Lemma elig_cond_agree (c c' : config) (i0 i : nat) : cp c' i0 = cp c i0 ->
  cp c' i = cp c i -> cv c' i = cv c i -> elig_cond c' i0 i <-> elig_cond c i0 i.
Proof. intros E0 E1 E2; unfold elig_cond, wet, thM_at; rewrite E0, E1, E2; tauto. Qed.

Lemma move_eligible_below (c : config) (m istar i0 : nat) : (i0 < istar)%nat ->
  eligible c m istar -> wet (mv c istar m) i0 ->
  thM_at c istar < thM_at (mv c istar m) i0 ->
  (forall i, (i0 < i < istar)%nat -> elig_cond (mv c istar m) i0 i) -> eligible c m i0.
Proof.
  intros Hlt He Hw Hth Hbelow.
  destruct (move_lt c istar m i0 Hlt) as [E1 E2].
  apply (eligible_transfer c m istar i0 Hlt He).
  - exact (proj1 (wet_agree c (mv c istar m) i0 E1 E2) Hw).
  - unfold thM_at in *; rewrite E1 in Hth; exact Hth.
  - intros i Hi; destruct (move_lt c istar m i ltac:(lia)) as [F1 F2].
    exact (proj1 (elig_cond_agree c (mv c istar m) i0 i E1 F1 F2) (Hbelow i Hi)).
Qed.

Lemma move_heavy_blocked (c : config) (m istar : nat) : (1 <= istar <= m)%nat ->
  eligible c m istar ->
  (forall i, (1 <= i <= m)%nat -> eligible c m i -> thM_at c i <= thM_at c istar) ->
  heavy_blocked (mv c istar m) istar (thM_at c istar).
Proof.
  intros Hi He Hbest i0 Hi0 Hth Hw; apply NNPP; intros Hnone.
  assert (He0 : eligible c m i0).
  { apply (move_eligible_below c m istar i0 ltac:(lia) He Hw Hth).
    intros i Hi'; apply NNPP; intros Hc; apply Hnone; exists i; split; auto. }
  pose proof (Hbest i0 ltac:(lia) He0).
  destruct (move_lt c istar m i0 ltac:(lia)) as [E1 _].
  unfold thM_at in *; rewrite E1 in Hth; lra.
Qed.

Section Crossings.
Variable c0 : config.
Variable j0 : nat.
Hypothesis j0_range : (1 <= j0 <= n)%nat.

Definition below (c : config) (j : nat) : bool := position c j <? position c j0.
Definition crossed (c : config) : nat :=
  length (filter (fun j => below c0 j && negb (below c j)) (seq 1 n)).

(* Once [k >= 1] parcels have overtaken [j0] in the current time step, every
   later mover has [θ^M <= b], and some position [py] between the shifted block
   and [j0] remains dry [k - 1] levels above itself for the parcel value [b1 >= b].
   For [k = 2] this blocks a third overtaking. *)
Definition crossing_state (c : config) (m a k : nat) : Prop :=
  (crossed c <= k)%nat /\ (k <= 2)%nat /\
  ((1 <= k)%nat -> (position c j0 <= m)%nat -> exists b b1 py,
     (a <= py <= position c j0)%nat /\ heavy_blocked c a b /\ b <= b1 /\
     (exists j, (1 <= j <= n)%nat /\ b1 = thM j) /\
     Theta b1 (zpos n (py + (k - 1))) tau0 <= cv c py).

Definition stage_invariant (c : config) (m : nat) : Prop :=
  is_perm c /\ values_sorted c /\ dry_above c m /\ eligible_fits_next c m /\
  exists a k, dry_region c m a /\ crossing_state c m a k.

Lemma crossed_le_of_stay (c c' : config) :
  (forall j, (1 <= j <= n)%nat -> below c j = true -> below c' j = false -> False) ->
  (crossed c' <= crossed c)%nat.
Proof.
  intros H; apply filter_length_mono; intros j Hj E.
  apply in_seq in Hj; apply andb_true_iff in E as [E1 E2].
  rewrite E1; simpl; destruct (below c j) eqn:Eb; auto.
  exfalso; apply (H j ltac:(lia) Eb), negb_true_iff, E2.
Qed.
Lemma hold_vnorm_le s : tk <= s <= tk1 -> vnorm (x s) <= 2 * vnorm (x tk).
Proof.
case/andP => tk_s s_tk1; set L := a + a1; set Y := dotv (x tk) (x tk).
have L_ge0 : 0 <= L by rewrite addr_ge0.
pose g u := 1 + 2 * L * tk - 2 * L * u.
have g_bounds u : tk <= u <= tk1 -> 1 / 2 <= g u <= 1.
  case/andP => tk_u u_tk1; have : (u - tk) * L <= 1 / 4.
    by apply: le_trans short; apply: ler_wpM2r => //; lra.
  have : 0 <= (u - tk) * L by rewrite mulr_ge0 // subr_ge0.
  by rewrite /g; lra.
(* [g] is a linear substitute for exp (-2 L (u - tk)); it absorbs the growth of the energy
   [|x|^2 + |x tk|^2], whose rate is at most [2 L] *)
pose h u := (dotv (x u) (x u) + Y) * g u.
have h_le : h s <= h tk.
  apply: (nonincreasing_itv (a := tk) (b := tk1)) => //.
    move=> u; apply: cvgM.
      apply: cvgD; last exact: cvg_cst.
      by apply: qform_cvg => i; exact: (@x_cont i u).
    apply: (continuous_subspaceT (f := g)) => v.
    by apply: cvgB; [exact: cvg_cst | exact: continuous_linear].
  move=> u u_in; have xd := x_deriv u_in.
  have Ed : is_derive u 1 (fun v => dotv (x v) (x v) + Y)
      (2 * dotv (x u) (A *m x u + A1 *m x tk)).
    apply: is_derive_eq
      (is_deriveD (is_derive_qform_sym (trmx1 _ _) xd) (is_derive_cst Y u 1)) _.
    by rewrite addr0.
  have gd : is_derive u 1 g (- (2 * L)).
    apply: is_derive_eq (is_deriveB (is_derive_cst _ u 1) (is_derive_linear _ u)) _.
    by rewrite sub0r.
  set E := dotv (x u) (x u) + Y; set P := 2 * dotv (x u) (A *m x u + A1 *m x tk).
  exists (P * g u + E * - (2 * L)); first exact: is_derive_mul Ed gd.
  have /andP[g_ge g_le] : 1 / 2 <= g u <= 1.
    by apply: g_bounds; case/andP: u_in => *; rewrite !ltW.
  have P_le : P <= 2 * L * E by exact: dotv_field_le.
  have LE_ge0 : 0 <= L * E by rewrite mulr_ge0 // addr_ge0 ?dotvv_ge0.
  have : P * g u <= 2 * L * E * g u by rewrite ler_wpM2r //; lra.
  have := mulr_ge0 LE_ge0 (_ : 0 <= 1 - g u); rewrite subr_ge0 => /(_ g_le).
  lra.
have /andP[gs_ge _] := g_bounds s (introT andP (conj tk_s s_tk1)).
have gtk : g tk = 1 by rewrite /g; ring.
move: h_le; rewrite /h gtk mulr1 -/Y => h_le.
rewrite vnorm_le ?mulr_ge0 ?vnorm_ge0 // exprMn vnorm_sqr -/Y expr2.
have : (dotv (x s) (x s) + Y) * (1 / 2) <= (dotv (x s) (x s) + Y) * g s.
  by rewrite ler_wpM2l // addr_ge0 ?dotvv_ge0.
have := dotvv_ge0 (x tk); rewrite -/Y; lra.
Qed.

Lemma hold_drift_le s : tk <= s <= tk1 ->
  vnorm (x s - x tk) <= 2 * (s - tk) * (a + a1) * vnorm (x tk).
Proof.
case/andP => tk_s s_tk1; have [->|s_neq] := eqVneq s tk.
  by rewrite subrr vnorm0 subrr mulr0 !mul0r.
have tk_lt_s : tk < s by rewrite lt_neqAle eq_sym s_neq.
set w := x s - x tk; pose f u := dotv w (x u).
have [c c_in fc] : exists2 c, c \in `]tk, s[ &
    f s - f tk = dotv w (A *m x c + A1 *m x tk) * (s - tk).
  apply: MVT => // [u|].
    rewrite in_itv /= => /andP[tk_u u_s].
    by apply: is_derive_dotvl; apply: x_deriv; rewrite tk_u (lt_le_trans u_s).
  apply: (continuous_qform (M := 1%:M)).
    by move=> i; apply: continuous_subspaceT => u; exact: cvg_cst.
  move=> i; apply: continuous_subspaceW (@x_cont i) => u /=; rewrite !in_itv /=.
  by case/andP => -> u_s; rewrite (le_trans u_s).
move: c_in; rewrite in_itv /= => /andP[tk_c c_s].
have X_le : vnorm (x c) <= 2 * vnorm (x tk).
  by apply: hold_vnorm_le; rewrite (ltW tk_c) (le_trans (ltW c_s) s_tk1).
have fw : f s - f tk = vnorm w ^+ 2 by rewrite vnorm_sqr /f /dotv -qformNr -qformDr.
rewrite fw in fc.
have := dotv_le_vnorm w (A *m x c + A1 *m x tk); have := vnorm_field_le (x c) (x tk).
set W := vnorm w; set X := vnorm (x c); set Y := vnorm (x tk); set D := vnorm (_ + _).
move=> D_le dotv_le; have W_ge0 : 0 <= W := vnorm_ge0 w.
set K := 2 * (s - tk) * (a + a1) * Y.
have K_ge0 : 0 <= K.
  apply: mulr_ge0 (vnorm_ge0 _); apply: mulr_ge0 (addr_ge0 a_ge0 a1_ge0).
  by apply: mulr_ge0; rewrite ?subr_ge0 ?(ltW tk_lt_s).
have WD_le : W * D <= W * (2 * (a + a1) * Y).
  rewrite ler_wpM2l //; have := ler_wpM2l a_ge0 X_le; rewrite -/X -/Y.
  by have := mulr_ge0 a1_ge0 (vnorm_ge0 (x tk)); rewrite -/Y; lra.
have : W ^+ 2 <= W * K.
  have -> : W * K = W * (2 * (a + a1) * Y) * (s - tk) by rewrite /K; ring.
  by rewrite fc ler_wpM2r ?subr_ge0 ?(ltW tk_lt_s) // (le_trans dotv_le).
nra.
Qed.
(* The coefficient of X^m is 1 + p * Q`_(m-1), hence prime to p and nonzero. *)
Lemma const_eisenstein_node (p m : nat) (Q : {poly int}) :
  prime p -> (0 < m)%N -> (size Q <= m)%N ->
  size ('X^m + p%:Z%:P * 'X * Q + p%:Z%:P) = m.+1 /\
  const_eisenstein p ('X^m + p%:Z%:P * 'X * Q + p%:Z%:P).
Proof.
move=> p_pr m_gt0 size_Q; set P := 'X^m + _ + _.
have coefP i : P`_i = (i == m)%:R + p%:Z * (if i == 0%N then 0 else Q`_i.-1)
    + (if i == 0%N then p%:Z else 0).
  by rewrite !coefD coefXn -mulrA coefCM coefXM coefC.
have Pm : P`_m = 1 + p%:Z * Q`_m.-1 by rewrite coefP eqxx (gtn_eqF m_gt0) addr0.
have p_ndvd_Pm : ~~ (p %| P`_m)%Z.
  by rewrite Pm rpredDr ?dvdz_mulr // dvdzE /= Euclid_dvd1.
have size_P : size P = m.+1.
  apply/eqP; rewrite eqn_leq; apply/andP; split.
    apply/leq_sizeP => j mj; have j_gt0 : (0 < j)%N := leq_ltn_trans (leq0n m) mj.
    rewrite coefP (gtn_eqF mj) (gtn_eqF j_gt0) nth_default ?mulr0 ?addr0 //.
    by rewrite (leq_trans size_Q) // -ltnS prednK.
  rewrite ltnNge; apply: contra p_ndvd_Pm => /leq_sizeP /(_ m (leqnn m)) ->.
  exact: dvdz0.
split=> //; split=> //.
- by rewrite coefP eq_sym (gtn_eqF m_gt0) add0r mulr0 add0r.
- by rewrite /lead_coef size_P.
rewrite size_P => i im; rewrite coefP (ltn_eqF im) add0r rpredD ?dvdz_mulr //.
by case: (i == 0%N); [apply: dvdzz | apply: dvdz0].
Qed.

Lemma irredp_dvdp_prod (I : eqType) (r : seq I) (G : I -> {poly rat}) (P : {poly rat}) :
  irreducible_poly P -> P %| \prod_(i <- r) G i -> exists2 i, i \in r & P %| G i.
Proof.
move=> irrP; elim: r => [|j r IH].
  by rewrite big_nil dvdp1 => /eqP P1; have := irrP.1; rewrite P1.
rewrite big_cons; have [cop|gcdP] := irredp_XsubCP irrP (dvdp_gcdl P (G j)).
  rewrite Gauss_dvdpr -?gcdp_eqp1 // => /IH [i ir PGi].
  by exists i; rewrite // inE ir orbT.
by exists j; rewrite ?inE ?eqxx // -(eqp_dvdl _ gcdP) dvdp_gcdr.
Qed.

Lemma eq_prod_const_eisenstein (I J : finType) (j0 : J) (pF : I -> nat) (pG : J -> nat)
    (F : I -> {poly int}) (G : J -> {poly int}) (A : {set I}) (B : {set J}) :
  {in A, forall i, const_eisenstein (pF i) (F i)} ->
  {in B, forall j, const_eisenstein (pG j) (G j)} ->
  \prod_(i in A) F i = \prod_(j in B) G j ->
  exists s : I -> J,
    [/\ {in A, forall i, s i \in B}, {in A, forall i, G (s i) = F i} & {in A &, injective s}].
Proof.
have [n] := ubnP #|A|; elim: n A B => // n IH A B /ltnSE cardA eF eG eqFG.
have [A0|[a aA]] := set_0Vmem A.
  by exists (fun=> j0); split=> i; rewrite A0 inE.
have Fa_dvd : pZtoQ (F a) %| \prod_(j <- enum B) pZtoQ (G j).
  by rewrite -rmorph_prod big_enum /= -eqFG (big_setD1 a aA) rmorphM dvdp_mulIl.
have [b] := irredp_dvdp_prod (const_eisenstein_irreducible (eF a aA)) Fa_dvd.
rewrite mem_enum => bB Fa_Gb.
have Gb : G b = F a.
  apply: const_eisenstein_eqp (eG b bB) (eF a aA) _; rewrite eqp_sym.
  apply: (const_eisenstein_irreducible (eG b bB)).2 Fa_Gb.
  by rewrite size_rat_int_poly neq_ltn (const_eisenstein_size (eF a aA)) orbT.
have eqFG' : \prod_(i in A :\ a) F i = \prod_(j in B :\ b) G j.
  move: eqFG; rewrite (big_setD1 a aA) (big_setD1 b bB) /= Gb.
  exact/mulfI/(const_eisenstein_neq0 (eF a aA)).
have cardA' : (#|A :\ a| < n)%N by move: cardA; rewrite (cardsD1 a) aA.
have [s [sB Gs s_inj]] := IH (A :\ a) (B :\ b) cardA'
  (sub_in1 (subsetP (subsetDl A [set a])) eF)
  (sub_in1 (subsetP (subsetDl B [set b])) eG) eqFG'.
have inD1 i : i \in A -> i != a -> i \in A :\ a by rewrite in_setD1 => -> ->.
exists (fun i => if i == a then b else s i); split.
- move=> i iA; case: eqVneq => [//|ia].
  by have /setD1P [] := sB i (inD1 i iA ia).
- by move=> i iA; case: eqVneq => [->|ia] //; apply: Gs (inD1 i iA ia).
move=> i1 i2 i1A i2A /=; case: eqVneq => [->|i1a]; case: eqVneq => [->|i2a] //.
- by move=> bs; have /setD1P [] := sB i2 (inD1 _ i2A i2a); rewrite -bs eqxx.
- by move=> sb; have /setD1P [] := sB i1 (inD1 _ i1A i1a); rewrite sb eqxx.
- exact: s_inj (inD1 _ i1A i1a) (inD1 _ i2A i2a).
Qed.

____________________

### Exercise details
The expected output is exactly the lines of the listing above between the line holding "vnorm (x s - x" and the line holding "set w := x s", inclusive.

### Written solution
  vnorm (x s - x tk) <= 2 * (s - tk) * (a + a1) * vnorm (x tk).
Proof.
case/andP => tk_s s_tk1; have [->|s_neq] := eqVneq s tk.
  by rewrite subrr vnorm0 subrr mulr0 !mul0r.
have tk_lt_s : tk < s by rewrite lt_neqAle eq_sym s_neq.
set w := x s - x tk; pose f u := dotv w (x u).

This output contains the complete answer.